Beata: We began to realize we were living in a ghetto and that America was a little bigger than Greenpoint. And that Greenpoint had its separate history.
Beata: Mieszko’s grandma’s friend took me to Williamsburg by bus, to the apartment of a Polish Jew named Regina, who sent Polish women off to Hasidic homes every day. I got off the bus at Bedford Street and panicked because it was more run-down there than in Greenpoint. Many Hispanics, abandoned factories, prostitutes hanging out on street corners, and small groups of men huddling in doorways. I entered a stairwell. Some women were sitting on the stairs on the first floor and speaking in Polish. They told me to wait my turn. A fifty-year-old woman was sitting in a room with a phone in her hand, taking orders. Every so often, she’d come out with an address written on a piece of paper, call out the name of a woman waiting in the stairwell, and send her off to a customer. Regina spoke excellent Polish.
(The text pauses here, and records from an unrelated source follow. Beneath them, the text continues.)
Theorem mainTheorem9 (R : realType) (X : completeNormedModType R)
  (Y : normedModType R) (K : set Y) (F : X -> set Y) (xb : X) :
  pointed_closed_convex_cone K ->
  (forall x : X, F x !=set0) ->
  upper_K_convex K F ->
  (\forall x \near xb, K_seq_compact K (F x)) ->
  unit_ball_K_closed K ->
  limiting_subdiff K F xb =
  [set T : X -> Y | is_blin T /\
     forall x : X, F x `<=` mink_sum (mink_sum (F xb) [set T (x - xb)]) K].
Proof.
move=> Kcone Fne Fconv Fcompact _.
apply/seteqP; split => T.
- move=> T_lim; split; first exact: T_lim.1.
  exact: (limiting_subdiff_global Kcone Fconv Fne (nbhs_singleton Fcompact) T_lim).
- by case=> T_blin T_global; apply: global_subgradient_limiting.
Qed.
(* Let $h\in\mathbb R[x_1,\ldots,x_n]$ be homogeneous and hyperbolic in direction $e\in\mathbb R^n$, and let $\mathcal A_e(h)$, $\sigma=(\sigma_1,\ldots,\sigma_n)$ and $\Sigma^2\mathcal A_e(h)$ be as in the context. Then: (i) If $a\in\mathbb R^n$ satisfies $h(a)\neq 0$, then $a\bullet\sigma=a_1\sigma_1+\cdots+a_n\sigma_n$ is invertible in $\mathcal A_e(h)$. (ii) If $a\in\mathring{\Lambda}_e(h)$, then $a\bullet\sigma\in\Sigma^2\mathcal A_e(h)$. (iii) $1$ is an algebraic interior point of $\Sigma^2\mathcal A_e(h)$, i.e. for every hermitian element $b=b^*\in\mathcal A_e(h)$ there is $\varepsilon>0$ with $1+tb\in\Sigma^2\mathcal A_e(h)$ for all $t\in[-\varepsilon,\varepsilon]$.
   Context: A homogeneous polynomial $h\in\mathbb R[x]=\mathbb R[x_1,\ldots,x_n]$ is hyperbolic in direction $e\in\mathbb R^n$ if $h(e)\neq0$ and for every $a\in\mathbb R^n$ the univariate polynomial $h_{a,e}(t):=h(a-te)$ has only real roots. The hyperbolicity cone is $\Lambda_e(h)=\{a\in\mathbb R^n: h_{a,e}(t)\text{ has only nonnegative roots}\}$, with interior $\mathring\Lambda_e(h)=\{a: h_{a,e}(t)\text{ has only positive roots}\}$. For $a\in\mathbb R^n$ and a tuple $z=(z_1,\dots,z_n)$ write $a\bullet z=a_1z_1+\cdots+a_nz_n$. Let $\mathbb C\langle z\rangle=\mathbb C\langle z_1,\ldots,z_n\rangle$ be the free noncommutative unital algebra with the involution $*$ (conjugate-linear, anti-multiplicative) determined by $z_i^*=z_i$. Let $J_e(h)$ be the two-sided ideal generated by all elements $h_{a,e}(a\bullet z)$, $a\in\mathbb R^n$, together with $1-e\bullet z$. The generalized Clifford algebra is the unital $*$-algebra $\mathcal A_e(h)=\mathbb C\langle z\rangle/J_e(h)$; $\sigma_i$ denotes the class of $z_i$. $\Sigma^2\mathcal A_e(h)$ denotes the convex cone of finite sums $\sum_i a_i^*a_i$ with $a_i\in\mathcal A_e(h)$. *)

From Stdlib Require List.
From HB Require Import structures.
From mathcomp Require Import all_boot all_order all_algebra.
From mathcomp Require Import mpoly complex.
From mathcomp Require Import reals.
Suddenly she came out, wincing, and said she couldn’t arrange anything else because she had a headache and needed to lie down for half an hour. She asked if one of us could speak English and replace her on the phone. Today I think that if those girls waiting in the stairwell had spoken English, they wouldn’t have been there in the first place. I volunteered, even though my English wasn’t excellent.
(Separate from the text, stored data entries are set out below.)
(* Let $0<a,b<1$, $r>as$, $s>br$, and consider the autonomous system $(x_{n+1},y_{n+1})=T_{\alpha,\beta}(x_n,y_n)$ with constant $\alpha,\beta\in[0,1)$. (a) If $p_\alpha+q_\beta<4$ and $2-p_\alpha-q_\beta+\frac{p_\alpha q_\beta(1-ab)}{2}>0$, then the positive equilibrium $K=(p,q)$ is locally asymptotically stable. (b) If $\alpha\in(\alpha_*,1)$ and $\beta\in(\beta_*,1)$, where $$\alpha_*=\max\{1-2/p,\,0\},\qquad \beta_*=\max\Big\{1-\frac{2}{q(1-ab)}-\frac{4ab}{q(1-ab)[(1-\alpha)(1-ab)p-2]},\,0\Big\}\in[0,1),$$ then both inequalities in (a) hold, so $K$ is locally asymptotically stable.
   Context: $p=\frac{r-as}{1-ab}$, $q=\frac{s-br}{1-ab}$, $K=(p,q)$. $T_{\alpha,\beta}(x,y)=\big(x[(1-\alpha)e^{r-x-ay}+\alpha],\,y[(1-\beta)e^{s-bx-y}+\beta]\big)$. $p_\alpha=(1-\alpha)p$, $q_\beta=(1-\beta)q$. *)

From Stdlib Require Import Reals Lra.
Open Scope R_scope.

Definition pE (a b r s : R) : R := (r - a * s) / (1 - a * b).
Definition qE (a b r s : R) : R := (s - b * r) / (1 - a * b).

Definition T (a b r s alpha beta : R) (z : R * R) : R * R :=
  let (x, y) := z in
  (x * ((1 - alpha) * exp (r - x - a * y) + alpha),
   y * ((1 - beta) * exp (s - b * x - y) + beta)).

Definition dist2 (z w : R * R) : R :=
  sqrt ((fst z - fst w) ^ 2 + (snd z - snd w) ^ 2).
She put me behind a desk and told me to answer the phone. If someone called, I was to write down the address. Fortunately, the Jewish woman who hailed from Williamsburg could say a few words in Polish. She came back half an hour later. She said that as a reward, she’d hook me up with a good cleaning job, and her husband would drive me there. She warned me not to mix kosher and non-kosher things in the kitchen, or I’d be fired and wouldn’t get paid. My heart was in my throat. You never heard about any Hasidim in Opole, much less from Williamsburg.
Beata: There was an American Jewish woman, a journalist, living in an elegant penthouse on 33rd Street with a cat. She worked for the Daily News. She smiled and said I should do some “laundry,” – but I stared at her because I had no idea what that word meant. After fifteen minutes of trying to explain it to me through hand gestures, she finally dialed a number and handed me the receiver. On the other end was a Polish woman named Ula, also a cleaning lady. She probably cleaned for that lady’s friends. She had a much better understanding of English. She was nice. She explained that the lady would give me some coins, and then I was supposed to go down to the laundry room in the basement of the building and put the cash and the dirty laundry into the washing machine and then into the dryer.
That’s how I learned what “laundry” meant. I was relieved. At the end of our conversation, Ula asked me to call her sometime to chat. It turned out we were neighbors. She was much older than me, in her forties, but quite vivacious. She decided she needed to take me from Williamsburg to clean in Americans’ houses, which were quite sterile because Americans didn’t cook at home and only smoked when they were in bed.
Mieszko: It was Ula who sent you to Beata and Władek’s place. They lived on the corner of 72nd Street and Third Avenue. He was a Polish Jew. They’d left Poland after the political unrest in 1968. Władek was the superintendent of an entire Manhattan Upper East Side building, with doorkeepers and elevator operators. As part of his full-time job, he was allowed to live in one of the apartments. His wife sold greeting cards on the Lower East Side, where Polish-speaking Jews ran stores. Poles from Greenpoint would buy curtains and faux fur there to send to their families in Poland. We became friends.
Beata: I asked Władek if he had any work for my husband. He was the boss of twenty-eight handymen who roamed around the building, doing odd jobs. He did, but Mieszko would need a goddamn Social Security number.
Mieszko: I finally had to buy one for myself in Greenpoint.
Beata: Everyone was buying them at the time.